HUKUKİ İŞLEMLERİN İSTİSNAİ UNSURLARI

Kural bu işlemlerin yapıldıkları anda hukuki sonuç doğurmalarıdır. Fakat bazen bazı durumlarda hukuki işlemlerin hemen hukuki sonuç doğurması yani hukuki işlemlerin geçerli olması bir takım koşulların gerçekleşmesine bağlanabilir.

Çünkü ilerde ortaya çıkacak olayları önceden kestirme olanağı olmayabilir. Bir ihtiyacın yerine getirilmesi için şart ve vade kurumları ortaya çıkmıştır.

1) Şart ( Conditio ) : Şart hukuki işlemin sonuçlarının bağlandığı gerçekleşmesi objektif olarak şüpheli olaylardır. Hukuki işlemin hüküm ifade etmesi bir şarta bağlanabilir ya da hükümleri sona ermesi de bir şarta bağlanabilir. Bu anlamda şart ikiye ayrılır:

  • Taliki Şart ( Geciktirici Koşul ) ( Conditio Suspensiva ) : hukuki işlemin hüküm ifade etmesi şarta bağlandığı taliki şarttır. Burada şart olarak saptanan olayın gerçekleşmesine kadar hukuki işlemlerin hüküm ve sonuç doğurması ertelenir.
  • İnfisahi Şart ( bozucu koşul ) ( Conditio Resotutiva ) : Geçerli bir şekilde yapılıp hükümleri yürütmeye başlamış olan hukuki işlemin hükümlerinin sona ermesinin bağlandığı şart infisahi şarttır. Burada şart olarak saptanan olayın gerçekleşmesi hukuki işlemi bozar. 

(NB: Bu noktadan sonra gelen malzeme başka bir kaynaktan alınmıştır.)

Lemma integral_abs_le_scale (g e : R -> R) (k : R) : 0 <= k ->
  measurable_fun setT g -> measurable_fun setT e ->
  {ae mu, forall x, 0 <= e x /\ `|g x| <= k * e x} ->
  (\int[mu]_(x in setT) `|g x|%:E <= k%:E * \int[mu]_(x in setT) (e x)%:E)%E.
Proof.
move=> k_ge0 mg me ae_le; pose ep x := Num.max (e x) 0.
have ep_ge0 x : 0 <= ep x by rewrite le_max lexx orbT.
have mep : measurable_fun setT ep by apply: measurable_maxr => //; exact: measurable_cst.
have -> : (\int[mu]_(x in setT) (e x)%:E = \int[mu]_(x in setT) (ep x)%:E)%E.
  apply: ae_eq_integral => //; [exact/measurable_EFinP | exact/measurable_EFinP |].
  apply: filterS ae_le; first exact: aeF.
  by move=> x [e_ge0 _] _; rewrite /ep max_l.
rewrite -ge0_integralZl_EFin //; last 2 first.
- by move=> x _; rewrite lee_fin.
- exact/measurable_EFinP.
apply: ae_ge0_le_integral => //.
- by apply/measurable_EFinP; exact: measurableT_comp (@normr_measurable _ _) mg.
- by move=> x _; rewrite lee_fin mulr_ge0.
- by apply/measurable_EFinP; apply: measurable_funM => //; exact: measurable_cst.
apply: filterS ae_le; first exact: aeF.
by move=> x [_ g_le] _; rewrite lee_fin (le_trans g_le) // ler_wpM2l // /ep le_max lexx.
Qed.

End integral_bounds.

Section energy_estimates.
Context {R : realType}.
Local Notation mu := (@lebesgue_measure R).
Let aeF := ae_filter_ringOfSetsType mu.
Context {F h dh : R -> R} {kappa t0 M c : R}.
Hypotheses (c_gt0 : 0 < c) (c_le1 : c <= 1)
  (F_ge : forall s, 0 <= s <= M -> c * (s - t0) ^+ 2 <= F s)
  (kappa_ge : forall s, 0 <= s <= M -> c <= 1 + 2 * kappa * s * dh s ^+ 2)
  (F_cont : continuous (fun s : R => F (Num.max s 0)))
  (dh_rdw : forall s, 0 <= s -> rdw h s (dh s)).
Context {u du : R -> R[i]} {dhu dw : R -> R}.
Hypotheses (Re_weak : wderiv (fun x => complex.Re (u x)) (fun x => complex.Re (du x)))
  (Im_weak : wderiv (fun x => complex.Im (u x)) (fun x => complex.Im (du x)))
  (u_le : forall x, cabs (u x) ^+ 2 <= M)
  (dhu_weak : wderiv (fun x => h (cabs (u x) ^+ 2)) dhu)
  (dw_weak : wderiv (fun x => cabs (u x) ^+ 2 - t0) dw).

Local Notation sq_u x := (cabs (u x) ^+ 2).
Local Notation sq_du x := (cabs (du x) ^+ 2).
Local Notation energy_density x := (sq_du x + F (sq_u x) + kappa / 2 * dhu x ^+ 2).

Lemma sq_u_continuous : continuous (fun x => sq_u x).
Proof.
have -> : (fun x => sq_u x) = (fun x => (sq_u x - t0) + t0).
  by apply/funext => x; rewrite subrK.
by move=> x; apply: cvgD; [exact: (wderiv_continuous dw_weak x) | exact: cvg_cst].
Qed.

Lemma sq_du_measurable : measurable_fun setT (fun x => sq_du x).
Proof.
have -> : (fun x => sq_du x) = (fun x => complex.Re (du x) ^+ 2 + complex.Im (du x) ^+ 2).
  by apply/funext => x; rewrite cabs_sqr.
by apply: measurable_funD; apply: measurable_funX;
  [exact: wderiv_measurable Re_weak | exact: wderiv_measurable Im_weak].
Qed.

Lemma energy_density_measurable : measurable_fun setT (fun x => energy_density x).
Proof.
apply: measurable_funD; first apply: measurable_funD.
- exact: sq_du_measurable.
- apply: continuous_measurable_fun => x.
  have -> : (fun x => F (sq_u x)) = (fun x => F (Num.max (sq_u x) 0)).
    by apply/funext => y; rewrite max_l ?sqr_ge0.
  exact: continuous_comp (sq_u_continuous x) (F_cont _).
- apply: measurable_funM; first exact: measurable_cst.
  by apply: measurable_funX; exact: wderiv_measurable dhu_weak.
Qed.

Lemma energy_density_coercive : {ae mu, forall x,
  c * (sq_du x + (sq_u x - t0) ^+ 2) <= energy_density x /\ dw x ^+ 2 <= 4 * M * sq_du x}.
Proof.
have := ae_and (ae_and (wderiv_is_derive_ae Re_weak) (wderiv_is_derive_ae Im_weak))
  (ae_and (wderiv_is_derive_ae dw_weak) (wderiv_is_derive_ae dhu_weak)).
move=> ae_deriv; apply: filterS ae_deriv; first exact: aeF.
move=> x [[dRe dIm] [ddw ddhu]].
set a := complex.Re (u x); set b := complex.Im (u x).
set P := a * complex.Re (du x) + b * complex.Im (du x).
have dw_x : dw x = 2 * P.
  have sq_uE : (fun y => sq_u y - t0) = (fun y => complex.Re (u y)) ^+ 2
      + (fun y => complex.Im (u y)) ^+ 2 - cst t0.
    by apply/funext => y; rewrite !fctE cabs_sqr.
  rewrite sq_uE in ddw; apply: is_derive_unique ddw _.
  apply: is_derive_eq (is_deriveB (is_deriveD (is_deriveX 2 dRe) (is_deriveX 2 dIm))
    (is_derive_cst t0 x 1)) _.
  by rewrite /GRing.scale /= expr1 /P; ring.
have dhu_x : dhu x = dh (sq_u x) * dw x.
  have dsq : is_derive x 1 (fun y => sq_u y) (dw x).
    have -> : (fun y => sq_u y) = (fun y => sq_u y - t0) + cst t0.
      by apply/funext => y; rewrite !fctE subrK.
    by apply: is_derive_eq (is_deriveD ddw (is_derive_cst t0 x 1)) _; rewrite addr0.
  have sq_ge0 y : 0 <= sq_u y by exact: sqr_ge0.
  exact: is_derive_unique ddhu (is_derive_rdw_comp sq_ge0 dsq (dh_rdw _ (sq_ge0 x))).
have PSD : P ^+ 2 <= sq_u x * sq_du x by rewrite !cabs_sqr; exact: dot_sqr_le.
have S_in : 0 <= sq_u x <= M by rewrite sqr_ge0 u_le.
split; first by rewrite dhu_x dw_x energy_density_ge ?sqr_ge0 ?F_ge ?kappa_ge.
rewrite dw_x (_ : (2 * P) ^+ 2 = 4 * P ^+ 2); last by ring.
rewrite -mulrA ler_pM2l //.
by apply: le_trans PSD _; rewrite ler_wpM2r ?sqr_ge0 ?u_le.
Qed.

 Roma hukukunda  infisahi şart bilinmemektedir.Romalılara göre taliki şart olan hukuki işlemler askıdadır ve taliki şartın gerçekleşmesine kadar hüküm ifade etmez. Taliki şartın gerçekleşmesi durumunda bu şarta bağlanmış olan anlaşmaya dayanarak hukuki işlem feshediliyordu.

Şart olunmuş şart ve olumsuz şart olarak da ikiye ayrılır. Hukuki işlemlerin sonuç doğurmasının bağlandığı şart olumlu bir olaysa ortada olumlu şart vardır. Hukuki işlemlerin sonuç doğurmasının bağlandığı şart olumsuz bir olay ise ortada olumsuz şart vardır.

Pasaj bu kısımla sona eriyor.